Take the entries below and print, exactly, the stretch from the line containing "cadj : cV -> cV -> Prop;" through the line containing "FEx of nat & form", both included.
[Start of Attachment]
(* Let $(G_n)_{n\in\mathbb N}$ be a sequence of finite graphs that converges elementarily to some ultra-homogeneous graph $\hat G$. Then the following are equivalent: (i) $(G_n)$ is $\mathrm{FO}$-convergent; (ii) $(G_n)$ is $\mathrm{QF}$-convergent; (iii) $(G_n)$ is L-convergent.
   Context: For a first-order graph formula $\phi$ with free variables among $x_1,\dots,x_p$ and a finite graph $G$, $\langle\phi,G\rangle=|\{(v_1,\dots,v_p)\in V(G)^p:G\models\phi(v_1,\dots,v_p)\}|/|G|^p$. $(G_n)$ is $X$-convergent (for a set $X$ of formulas) if $\langle\phi,G_n\rangle$ converges for all $\phi\in X$; FO is the set of all first-order formulas and QF the set of quantifier-free formulas (using adjacency and equality). $(G_n)$ is L-convergent if $\hom(F,G_n)/|G_n|^{|F|}$ converges for every finite graph $F$. $(G_n)$ converges elementarily to a (finite or countable) graph $\hat G$ if for every first-order sentence $\theta$, $\hat G\models\theta$ iff $G_n\models\theta$ for all sufficiently large $n$. A graph is ultra-homogeneous if every isomorphism between finite induced subgraphs extends to an automorphism of the graph. *)

From HB Require Import structures.
From mathcomp Require Import all_boot.
From Stdlib Require Import Reals ClassicalEpsilon.

Set Implicit Arguments.
Unset Strict Implicit.
Unset Printing Implicit Defensive.

Record fin_graph := FGraph {
  fV :> finType;
  fadj : rel fV;
  fadj_sym : symmetric fadj;
  fadj_irr : irreflexive fadj }.

Record cnt_graph := CGraph {
  cV :> countType;
  cadj : cV -> cV -> Prop;
  cadj_sym : forall x y, cadj x y -> cadj y x;
  cadj_irr : forall x, ~ cadj x x }.

Inductive form :=
  | FAdj of nat & nat
  | FEq of nat & nat
  | FNot of form
  | FAnd of form & form
  | FOr of form & form
  | FEx of nat & form
  | FAll of nat & form.

Definition upd (T : Type) (e : nat -> T) (i : nat) (x : T) : nat -> T :=
  fun k => if k == i then x else e k.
[End of Attachment]
» Response:
  cadj : cV -> cV -> Prop;
  cadj_sym : forall x y, cadj x y -> cadj y x;
  cadj_irr : forall x, ~ cadj x x }.

Inductive form :=
  | FAdj of nat & nat
  | FEq of nat & nat
  | FNot of form
  | FAnd of form & form
  | FOr of form & form
  | FEx of nat & form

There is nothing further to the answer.